--- Dataset entries ---

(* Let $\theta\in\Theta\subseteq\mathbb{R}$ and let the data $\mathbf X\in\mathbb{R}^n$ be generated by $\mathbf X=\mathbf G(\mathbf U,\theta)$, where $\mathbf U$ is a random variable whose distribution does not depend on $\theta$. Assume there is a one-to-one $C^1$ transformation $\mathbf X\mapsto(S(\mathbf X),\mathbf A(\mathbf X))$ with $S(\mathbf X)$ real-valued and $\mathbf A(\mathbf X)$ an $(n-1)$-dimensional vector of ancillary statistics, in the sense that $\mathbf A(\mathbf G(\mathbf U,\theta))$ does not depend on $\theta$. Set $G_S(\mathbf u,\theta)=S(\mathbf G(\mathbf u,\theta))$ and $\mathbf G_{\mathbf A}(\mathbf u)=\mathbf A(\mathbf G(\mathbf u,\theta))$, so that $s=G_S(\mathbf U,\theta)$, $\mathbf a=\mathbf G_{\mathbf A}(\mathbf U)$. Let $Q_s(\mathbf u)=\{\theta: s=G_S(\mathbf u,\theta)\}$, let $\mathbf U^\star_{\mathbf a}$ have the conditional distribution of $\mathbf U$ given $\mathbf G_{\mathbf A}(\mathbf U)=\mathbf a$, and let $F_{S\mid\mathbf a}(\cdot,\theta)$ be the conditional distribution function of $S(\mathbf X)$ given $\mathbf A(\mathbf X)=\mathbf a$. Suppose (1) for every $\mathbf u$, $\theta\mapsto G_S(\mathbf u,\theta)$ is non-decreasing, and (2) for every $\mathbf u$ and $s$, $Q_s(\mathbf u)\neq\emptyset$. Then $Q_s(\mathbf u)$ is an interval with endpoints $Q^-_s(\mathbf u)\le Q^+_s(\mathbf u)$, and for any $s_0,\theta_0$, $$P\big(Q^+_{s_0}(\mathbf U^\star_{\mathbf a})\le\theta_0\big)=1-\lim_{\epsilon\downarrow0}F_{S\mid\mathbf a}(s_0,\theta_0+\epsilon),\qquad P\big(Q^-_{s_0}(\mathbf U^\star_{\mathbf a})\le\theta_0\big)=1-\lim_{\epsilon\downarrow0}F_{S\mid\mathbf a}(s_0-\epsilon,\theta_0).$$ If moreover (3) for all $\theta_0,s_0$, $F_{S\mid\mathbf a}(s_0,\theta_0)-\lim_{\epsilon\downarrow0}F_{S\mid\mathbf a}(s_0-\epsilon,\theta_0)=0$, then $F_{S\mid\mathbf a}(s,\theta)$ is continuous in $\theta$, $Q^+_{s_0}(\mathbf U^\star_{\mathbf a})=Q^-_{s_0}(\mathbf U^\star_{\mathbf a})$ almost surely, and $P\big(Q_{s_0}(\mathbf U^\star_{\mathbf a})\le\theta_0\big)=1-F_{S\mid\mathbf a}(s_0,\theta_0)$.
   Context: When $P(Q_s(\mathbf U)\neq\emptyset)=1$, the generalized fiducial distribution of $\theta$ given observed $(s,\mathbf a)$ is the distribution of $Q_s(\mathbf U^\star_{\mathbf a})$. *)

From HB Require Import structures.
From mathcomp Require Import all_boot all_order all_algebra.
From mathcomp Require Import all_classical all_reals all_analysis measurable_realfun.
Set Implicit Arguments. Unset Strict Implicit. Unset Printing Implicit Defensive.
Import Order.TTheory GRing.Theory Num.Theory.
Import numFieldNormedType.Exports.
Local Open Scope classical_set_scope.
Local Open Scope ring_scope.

---

Exercise: Please copy every line of the data that carries the string "From".

Solution to this problem:
From HB Require Import structures.
From mathcomp Require Import all_boot all_order all_algebra.
From mathcomp Require Import all_classical all_reals all_analysis measurable_realfun.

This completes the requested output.